Quand la peau qui pend sous le menton devient visible, le vrai sujet n'est pas seulement esthétique: il faut comprendre si l'on a surtout de la laxité cutanée, un excès de graisse, un relâchement du platysma ou une combinaison des trois. Dans un soin du visage, ce tri change tout, parce qu'une routine maison, un traitement de cabinet et une chirurgie ne corrigent pas la même chose. Je vous aide ici à lire le problème, à choisir les bons gestes et à éviter les options qui font surtout perdre du temps.
Les points essentiels à retenir avant d’agir
- Le relâchement sous-mentonnier vient souvent d’un mélange entre vieillissement cutané, soleil, variations de poids, posture et parfois graisse localisée.
- Les soins maison améliorent surtout la qualité de peau, pas un excès cutané marqué.
- La radiofréquence et les ultrasons donnent des résultats progressifs, généralement visibles en quelques mois.
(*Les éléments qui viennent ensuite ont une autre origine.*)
(* Consider a two-user ($N=2$) multi-hop decode-and-forward relay network with $L\ge 2$ hops and a fixed relay assignment, with powers, SINRs and sum-rate as defined in the context. Then there exists a power allocation $\mathbf{P}^*=(P_{i,l}^* )_{i\in\{1,2\},\,l\in\{0,\dots,L-1\}}\in[0,P]^{2L}$ that maximizes the sum-rate $R(\mathbf{P})=\sum_{i=1}^{2}\log_2\!\big(1+\min_{l\in\{1,\dots,L\}}\gamma_{i,l}(\mathbf{P})\big)$ over $[0,P]^{2L}$ and satisfies, for each user $i\in\{1,2\}$, $\gamma_{i,1}(\mathbf{P}^* )=\gamma_{i,2}(\mathbf{P}^* )=\cdots=\gamma_{i,L}(\mathbf{P}^* )$; i.e., the SINRs of each user are equal in all hops.
   Context: Setup: there are two source–destination (S-D) pairs (users) $i\in\{1,2\}$, whose information travels over $L$ hops. For a fixed relay assignment, user $i$ uses a path of nodes $r_{i,0},r_{i,1},\dots,r_{i,L}$ (source $r_{i,0}$, destination $r_{i,L}$, distinct relays of the two users in each intermediate hop). In hop $l\in\{1,\dots,L\}$ the two transmitting nodes $r_{1,l-1},r_{2,l-1}$ transmit simultaneously with powers $P_{1,l-1},P_{2,l-1}\in[0,P]$, where $P>0$ is the maximum transmit power. Let $g_{j,i,l}=|h[r_{j,l-1},r_{i,l},l]|^2>0$ denote the channel power gain from the transmitter of user $j$ to the receiver of user $i$ in hop $l$, and let $\sigma^2>0$ be the noise variance. The SINR of user $i$ in hop $l$ (interference treated as noise, $j\neq i$ the other user) is $\gamma_{i,l}(\mathbf{P})=\dfrac{P_{i,l-1}\,g_{i,i,l}}{\sigma^2+P_{j,l-1}\,g_{j,i,l}}$. The end-to-end SINR of user $i$ is $\min_{l\in\{1,\dots,L\}}\gamma_{i,l}$ and the sum-rate is $R(\mathbf{P})=\sum_{i=1}^{2}\log_2(1+\min_{l}\gamma_{i,l}(\mathbf{P}))$. *)

From Stdlib Require Import Reals List Lia Lra.
Import ListNotations.
Open Scope R_scope.

(* Users are indexed by the naturals 1 and 2; the other user of i is 3 - i. *)
Definition other (i : nat) : nat := (3 - i)%nat.
Lemma indep_Xincr_En k : (2 <= k <= Nn n)%N ->
  indep En (fun w => \matrix_(i < k.-1) Xincr n M N i w) (fun w => Xincr n M N k.-1 w).
Proof.
move=> le_k phi bphi.
have [le_k1 lt_k1 le1k] : [/\ (k.-1 <= Nn n)%N, (k.-1 < Nn n)%N & (1 <= k <= Nn n)%N].
  by split; lia.
pose top := @first_rows R _ (d + d) _ le_k1.
pose last := @row R _ (d + d) (Ordinal lt_k1).
have topX w : top (Xincs n M N w) = \matrix_(i < k.-1) Xincr n M N i w.
  by apply/matrixP => i j; rewrite !mxE.
have lastX w : last (Xincs n M N w) = Xincr n M N k.-1 w by apply/rowP => j; rewrite !mxE.
have dep_top_last (F : 'M[R]_(k.-1, d + d) -> 'rV[R]_(d + d) -> R) :
    depends_on_first_rows k (fun x => F (top x) (last x)).
  move=> x x' eq_xx'; congr F; [apply/matrixP => i j | apply/rowP => j];
    rewrite !mxE; apply: eq_xx' => /=; [have := ltn_ord i; lia | lia].
have step_top_last x (F : 'M[R]_(k.-1, d + d) -> 'rV[R]_(d + d) -> R) :
    step k.-1 (fun z => F (top (set_row x k.-1 z)) (last (set_row x k.-1 z))) =
    step k.-1 (F (top x)).
  by congr step1; apply: funext => z; rewrite /top /last first_rows_set_row // row_set_row.
pose g c := step k.-1 (phi c).
have inner c : En (fun w => phi c (Xincr n M N k.-1 w)) = g c.
  have bphic := bLip_comp ler01 (@row_lipschitz _ _ _ (Ordinal lt_k1)) (bLip2_partial c bphi).
  under eq_fun do rewrite -lastX.
  rewrite (En_last_row le1k bphic (dep_top_last (fun _ => phi c))).
  under eq_fun do rewrite (step_top_last _ (fun _ => phi c)).
  exact: (sl_const sublinear_space_En).
have bPhi : bLip (fun x => phi (top x) (last x)).
  exact: bLip2_diag (bLip2_comp ler01 (@first_rows_lipschitz _ _ (d + d) _ le_k1)
    (@row_lipschitz _ _ _ (Ordinal lt_k1)) bphi).
under eq_fun do rewrite -topX -lastX.
rewrite (En_last_row le1k bPhi (dep_top_last phi)).
under eq_fun do rewrite step_top_last.
by congr En; apply: funext => w; rewrite inner topX.
Qed.

Lemma same_distr_En_M : same_distr En E1 (fun w => Mincs n M w.1) (Mincs n M).
Proof.
move=> phi bphi.
have bphil := bLip_comp ler01 (@lsubmx_lipschitz _ _ d d) bphi.
rewrite -(backward_step1_lsubmx 0 bphi) -(En_comp bphil).
by congr En; apply: funext => w; rewrite Xincs_row_mx row_mxKl.
Qed.

Lemma same_distr_En_N : same_distr En E2 (fun w => Mincs n N w.2) (Mincs n N).
Proof.
move=> phi bphi.
have bphir := bLip_comp ler01 (@rsubmx_lipschitz _ _ d d) bphi.
rewrite -(backward_step1_rsubmx 0 bphi) -(En_comp bphir).
by congr En; apply: funext => w; rewrite Xincs_row_mx row_mxKr.
Qed.

End Product.

Theorem lemma3p2 (R : realType) (Omega1 Omega2 : Type)
    (H1 : (Omega1 -> R) -> Prop) (E1 : (Omega1 -> R) -> R)
    (H2 : (Omega2 -> R) -> Prop) (E2 : (Omega2 -> R) -> R)
    (d : nat) (M : R -> Omega1 -> 'rV[R]_d) (N : R -> Omega2 -> 'rV[R]_d) :
  sublinear_space H1 E1 -> sublinear_space H2 E2 ->
  is_process H1 M -> is_process H2 N ->
  indep_incr E1 M -> indep_incr E2 N ->
  condA H1 E1 H2 E2 M N ->
  forall n : nat, (1 <= n)%N ->
    sublinear_space (Hn n M N) (En E1 E2 n M N) /\
    (forall k : nat, (2 <= k <= Nn n)%N ->
       indep (En E1 E2 n M N)
         (fun w => \matrix_(i < k.-1) Xincr n M N i w)
         (fun w => Xincr n M N k.-1 w)) /\
    same_distr (En E1 E2 n M N) E1 (fun w => Mincs n M w.1) (Mincs n M) /\
    same_distr (En E1 E2 n M N) E2 (fun w => Mincs n N w.2) (Mincs n N).
Proof.
move=> slE1 slE2 procM procN indepM indepN _ n _.
split; first exact: (sublinear_space_En n slE1 slE2 procM procN indepM indepN).
split; first by move=> k; exact: (indep_Xincr_En slE1 slE2 procM procN indepM indepN).
split; first exact: (same_distr_En_M slE1 slE2 procM procN indepM indepN).
exact: (same_distr_En_N slE1 slE2 procM procN indepM indepN).
Qed.
Lemma mulr_suml8 (V : pzRingType) (k : V)
    (F : 'I_2 -> 'I_2 -> 'I_2 -> 'I_2 -> 'I_2 -> 'I_2 -> 'I_2 -> 'I_2 -> V) :
  (\sum_A \sum_B \sum_C \sum_D \sum_A' \sum_B' \sum_C' \sum_D' F A B C D A' B' C' D') * k =
  \sum_A \sum_B \sum_C \sum_D \sum_A' \sum_B' \sum_C' \sum_D' (F A B C D A' B' C' D' * k).
Proof.
rewrite mulr_suml; apply: eq_bigr => A _; rewrite mulr_suml; apply: eq_bigr => B _.
rewrite mulr_suml; apply: eq_bigr => C _; rewrite mulr_suml; apply: eq_bigr => D _.
rewrite mulr_suml; apply: eq_bigr => A' _; rewrite mulr_suml; apply: eq_bigr => B' _.
by rewrite mulr_suml; apply: eq_bigr => C' _; rewrite mulr_suml.
Qed.

Lemma mulr_sum4 (V : comPzRingType) (x : V) (f g h l : 'I_4 -> V) :
  x * (\sum_(a < 4) f a) * (\sum_(b < 4) g b) * (\sum_(c < 4) h c) * (\sum_(d < 4) l d) =
  \sum_(a < 4) \sum_(b < 4) \sum_(c < 4) \sum_(d < 4) (x * f a * g b * h c * l d).
Proof.
rewrite (big_distrr x) !big_distrl; apply: eq_bigr => a _.
rewrite (big_distrr (x * f a)) !big_distrl; apply: eq_bigr => b _.
rewrite (big_distrr (x * f a * g b)) big_distrl; apply: eq_bigr => c _.
by rewrite (big_distrr (x * f a * g b * h c)).
Qed.

Lemma mulr_scale4 (V : comPzRingType) (k x a b c d : V) :
  x * (k * a) * (k * b) * (k * c) * (k * d) = x * a * b * c * d * k ^+ 4.
Proof. by ring. Qed.

(** * Weyl tensors in a bivector basis *)

(* The bivector basis: (false, i) stands for e_0 /\ e_(i+1) and (true, i) for its
   spatial dual e_(i+2) /\ e_(i+3), indices mod 3 in 1..3. *)
Definition bivector_rep (x : bool * 'I_3) : 'I_4 * 'I_4 :=
  match x.1, nat_of_ord x.2 with
  | false, 0 => (i0, i1) | false, 1 => (i0, i2) | false, _ => (i0, i3)
  | true, 0 => (i2, i3) | true, 1 => (i3, i1) | true, _ => (i1, i2)
  end.

Lemma sum_bivectors (V : nmodType) (F : bool * 'I_3 -> V) :
  \sum_x F x = \sum_(i < 3) (F (false, i) + F (true, i)).
Proof.
rewrite (eq_bigr (fun x => F (x.1, x.2))) => [|[] //].
rewrite -(pair_big xpredT xpredT (fun b i => F (b, i))) /= big_bool.
by rewrite big_split; apply: addrC.
Qed.

Lemma sum_antisym_pairs (V : comPzRingType) (K X : 'I_4 -> 'I_4 -> V) :
  (forall a b, K a b = - K b a) -> (forall a, K a a = 0) ->
  \sum_(a < 4) \sum_(b < 4) K a b * X a b =
  \sum_x K (bivector_rep x).1 (bivector_rep x).2 *
         (X (bivector_rep x).1 (bivector_rep x).2 - X (bivector_rep x).2 (bivector_rep x).1).
Proof.
move=> hK hK0; rewrite sum_bivectors !sum_ord3 !sum_ord4 /= !hK0.
rewrite (hK i1 i0) (hK i2 i0) (hK i3 i0) (hK i3 i2) (hK i1 i3) (hK i2 i1); ring.
Qed.

Section WeylFrame.
Variable R : realType.

(* The sign s and basis element x with e_a /\ e_b = s x; the sign is 0 when a = b. *)
Definition bivector (a b : 'I_4) : R * (bool * 'I_3) :=
  match nat_of_ord a, nat_of_ord b with
  | 0, 1 => (1, (false, j0)) | 1, 0 => (-1, (false, j0))
  | 0, 2 => (1, (false, j1)) | 2, 0 => (-1, (false, j1))
  | 0, 3 => (1, (false, j2)) | 3, 0 => (-1, (false, j2))
  | 2, 3 => (1, (true, j0))  | 3, 2 => (-1, (true, j0))
  | 3, 1 => (1, (true, j1))  | 1, 3 => (-1, (true, j1))
  | 1, 2 => (1, (true, j2))  | 2, 1 => (-1, (true, j2))
  | _, _ => (0, (false, j0))
  end.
- Quand l’excédent de peau est net, la chirurgie du cou reste l’option la plus efficace.
- Un changement brutal, douloureux ou asymétrique doit faire vérifier autre chose avant de penser à un acte esthétique.
Ce qui provoque réellement le relâchement sous le menton
Je préfère toujours commencer par distinguer peau, graisse et muscle. La peau qui pend sous le menton n'a pas une seule cause: avec l'âge, le collagène et l'élastine baissent, la peau devient plus fine, le soleil fragilise le derme et une perte de poids rapide peut laisser un excédent cutané. Le platysma, ce muscle plat du cou qui aide à dessiner le bas du visage, peut aussi se relâcher et accentuer les bandes verticales. Enfin, une posture tête baissée et un menton peu projeté peuvent rendre le pli plus visible sans être la cause principale.
| Situation observée | Ce que cela suggère | Première piste utile |
|---|---|---|
| Peau fripée, pli léger, peu de volume | Laxité cutanée débutante | Soins réguliers, protection solaire, radiofréquence ou ultrasons |
| Volume mou sous le menton avec peau encore souple | Graisse localisée plus que vraie redondance cutanée | Traitement du volume, puis raffermissement si besoin |
| Bandes verticales ou cou qui tire visiblement | Relâchement du platysma | Avis médical, parfois traitement combiné |
| Folds marqués après amaigrissement | Excès de peau réel | Évaluation chirurgicale |
Ce tri est indispensable, parce que la bonne solution dépend de l'étage anatomique visé. Une peau un peu floue ne demande pas le même plan qu'un excédent installé, et c'est là que beaucoup de gens se trompent de cible.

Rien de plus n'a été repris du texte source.